We will be using data from the Education Cluster in Venezuela with partner names recoded. For another example of a cleaning script for 5Ws from Kenya, please see here.

Click here to jump to the next section on 5Ws reporting.

1. Reading in the data

As in typical, the data is in separate files, one from each partner and one for UNICEF itself, the cluster lead:

 [1] "SOCIO 1.xlsx"                                               
 [2] "SOCIO 10.xlsx"                                              
 [3] "SOCIO 2.xlsx"                                               
 [4] "SOCIO 3.xlsx"                                               
 [5] "SOCIO 4.xlsx"                                               
 [6] "SOCIO 5.xlsx"                                               
 [7] "SOCIO 6.xlsx"                                               
 [8] "SOCIO 7.xlsx"                                               
 [9] "SOCIO 8.xlsx"                                               
[10] "SOCIO 9.xlsx"                                               
[11] "UNICEF - Fondo de las Naciones Unidas para la Infancia.xlsx"

We start with a bit of organisation by setting the column types and names for the data that we are reading in.
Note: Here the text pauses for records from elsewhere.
(* Assume $\lambda_A>0$. Run TD-SVRG with i.i.d. sampling (Algorithm 3) with learning rate $\alpha=1/16$, inner-loop length $M=32/\lambda_A$ (assumed integer), a parameter $c>0$, and in epoch $m\ge1$ an estimation batch size $$n_m=\Big\lceil\frac{4f_e(\tilde\theta_{m-1})+2\sigma^2}{c\,\lambda_A\,(2/3)^{m}}\Big\rceil,\qquad \sigma^2=\sum_{s,s'}\mu(s)P(s,s')\|g_{s,s'}(\theta^* )\|^2.$$ Then there is a constant $C_1$ (independent of $m$) such that for every $m\ge0$, $$\mathbb E[f_e(\tilde\theta_m)]\le\left(\tfrac23\right)^m\big(f_e(\tilde\theta_0)+C_1\big).$$
   Context: Environment setting. Let $\mathcal S$ be a finite state space, $P$ an irreducible aperiodic transition matrix on $\mathcal S$ (induced by a fixed policy) with stationary distribution $\mu$, $\phi:\mathcal S\to\mathbb R^d$ a feature map with $\|\phi(s)\|_2\le1$ for all $s$, $r:\mathcal S\times\mathcal S\to\mathbb R$ a reward function and $\gamma\in[0,1)$. For states $s,s'$ and $\theta\in\mathbb R^d$ let $g_{s,s'}(\theta)=(r(s,s')+\gamma\phi(s')^T\theta-\phi(s)^T\theta)\phi(s)$. Let $A_e=\sum_{s,s'}\mu(s)P(s,s')\phi(s)(\phi(s)-\gamma\phi(s'))^T$ and $b_e=\sum_{s,s'}\mu(s)P(s,s')r(s,s')\phi(s)$; assume $A_e$ is nonsingular and let $\theta^*=A_e^{-1}b_e$. Let $\lambda_A$ be the minimum eigenvalue of $(A_e+A_e^T)/2$. Define $f_e(\theta)=(\theta-\theta^* )^TA_e(\theta-\theta^* )$. An i.i.d. sample is a pair $(s,s')$ with $s\sim\mu$ and then $s'\sim P(s,\cdot)$, drawn independently of all other samples. Algorithm 3 (TD-SVRG, i.i.d. sampling): given $\alpha>0$, integer $M\ge1$, batch sizes $n_m$ and initial $\tilde\theta_0$, for epochs $m=1,2,\dots$: set $\tilde\theta=\tilde\theta_{m-1}$; draw $n_m$ i.i.d. samples forming $\mathcal D^m$ and compute $g_m(\tilde\theta)=\frac1{n_m}\sum_{(s,s')\in\mathcal D^m}g_{s,s'}(\tilde\theta)$; set $\theta_0=\tilde\theta$; for $t=1,\dots,M$ draw a fresh i.i.d. sample $(s,s')$, put $v_t=g_{s,s'}(\theta_{t-1})-g_{s,s'}(\tilde\theta)+g_m(\tilde\theta)$, $\theta_t=\theta_{t-1}+\alpha v_t$; finally set $\tilde\theta_m=\theta_{t'}$ with $t'$ uniform on $\{0,\dots,M-1\}$, independent. *)

From HB Require Import structures.
From mathcomp Require Import all_boot all_order all_algebra.
From mathcomp Require Import reals.
Set Implicit Arguments. Unset Strict Implicit. Unset Printing Implicit Defensive.
Import Order.TTheory GRing.Theory Num.Theory.
Local Open Scope ring_scope.

Section TDSVRG.
Variables (R : realType) (S : finType) (d : nat).
Variables (P : S -> S -> R) (mu : S -> R).
Variables (phi : S -> 'cV[R]_d) (r : S -> S -> R) (gamma : R).

Definition dotv (u v : 'cV[R]_d) : R := (u^T *m v) 0 0.

Fixpoint Pk (k : nat) (s s' : S) : R :=
  match k with
  | 0 => (s == s')%:R
  | k'.+1 => \sum_(u : S) Pk k' s u * P u s'
  end.

Definition stochastic : Prop :=
  (forall s s', 0 <= P s s') /\ (forall s, \sum_(s' : S) P s s' = 1).

Definition irreducible : Prop :=
  forall s s', exists k, (0 < k)%N /\ 0 < Pk k s s'.

Definition aperiodic : Prop :=
  forall s (p : nat), (1 < p)%N ->
    exists k, [/\ (0 < k)%N, 0 < Pk k s s & ~~ (p %| k)%N].

Definition stationary : Prop :=
  [/\ forall s, 0 <= mu s, \sum_(s : S) mu s = 1
    & forall s', mu s' = \sum_(s : S) mu s * P s s'].

(* probability of an i.i.d. sample (s,s'): s ~ mu, s' ~ P(s,.) *)
Definition wpair (p : S * S) : R := mu p.1 * P p.1 p.2.

Definition gTD (p : S * S) (th : 'cV[R]_d) : 'cV[R]_d :=
  (r p.1 p.2 + gamma * dotv (phi p.2) th - dotv (phi p.1) th) *: phi p.1.

Definition A_e : 'M[R]_d :=
  \sum_(s : S) \sum_(s' : S) (mu s * P s s') *: (phi s *m (phi s - gamma *: phi s')^T).

Definition b_e : 'cV[R]_d :=
  \sum_(s : S) \sum_(s' : S) (mu s * P s s' * r s s') *: phi s.

Definition theta_star : 'cV[R]_d := invmx A_e *m b_e.

Definition f_e (th : 'cV[R]_d) : R :=
  ((th - theta_star)^T *m A_e *m (th - theta_star)) 0 0.

Definition sigma2 : R :=
  \sum_(s : S) \sum_(s' : S) mu s * P s s' * dotv (gTD (s, s') theta_star) (gTD (s, s') theta_star).

Definition is_min_eigenvalue (A : 'M[R]_d) (lam : R) : Prop :=
  eigenvalue A lam /\ forall l, eigenvalue A l -> lam <= l.

Fixpoint inner_path (alpha : R) (tt gm : 'cV[R]_d) (th : 'cV[R]_d)
    (ws : seq (S * S)) : seq 'cV[R]_d :=
  match ws with
  | [::] => [:: th]
  | p :: ws' => th :: inner_path alpha tt gm (th + alpha *: (gTD p th - gTD p tt + gm)) ws'
  end.

(* Expectation of h(tilde theta_m) after one epoch of Algorithm 3 with batch
   size n, inner-loop length M, step alpha, started at tilde theta = tt. *)
Definition epochE (alpha : R) (M n : nat) (tt : 'cV[R]_d) (h : 'cV[R]_d -> R) : R :=
  \sum_(D : {ffun 'I_n -> S * S}) (\prod_(i < n) wpair (D i)) *
    (let gm := n%:R^-1 *: \sum_(i < n) gTD (D i) tt in
     \sum_(W : {ffun 'I_M -> S * S}) (\prod_(i < M) wpair (W i)) *
       (M%:R^-1 * \sum_(t < M)
          h (nth 0 (inner_path alpha tt gm tt [seq W i | i <- enum 'I_M]) t))).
Even if we were working in Spanish, we would still need to clean up the column names as they can be overly long or can contain instructions.

# specifying column types 
df_col_types <- c("date", "date", "text", "text","text","text",
                   "text","text","text","text","text","text","text",
                   "numeric", "numeric", "text","text","text",
                   "text","text","text", "numeric", "text", 
                   "date", "date", "text",
                   "numeric", "numeric", "numeric", "numeric",
                   "numeric", "numeric", "numeric", "numeric",
                   "numeric", "numeric", "numeric", "numeric",
                   "numeric", "numeric", "numeric")

df_names <- c("date_reported",
               "month_reported",
               "project_code",
               "project_name",
               "lead_organisation",
               "implementing_partner",
               "state",
               "pcode1",
               "municipality",
               "pcode2",
               "parrish",
               "pcode3",
               "location",
               "latitude",
               "longitude",
               "activity_full",
               "activity_code",
               "activity_description",
               "activity_code_descrption",
               "activity_covid",
               "unit",
               "quantity_mensual",
               "recurrent_beneficiaries",
               "start_date",
               "end_date",
               "activity_status",
               "total_beneficiaries",
               "percent_indigenous",
               "percent_pwd",
               "m_0_3",
               "m_3_6",
               "m_7_12",
               "m_12_17",
               "m_18_19",
               "f_0_3",
               "f_3_6",
               "f_7_12",
               "f_12_17",
               "f_18_19",
               "f_19_and_older",
               "m_19_and_older")

Now we will write a function to read in the data and then consolidate all the files. The loop at the end combines all the cleaned files together into one dataframe.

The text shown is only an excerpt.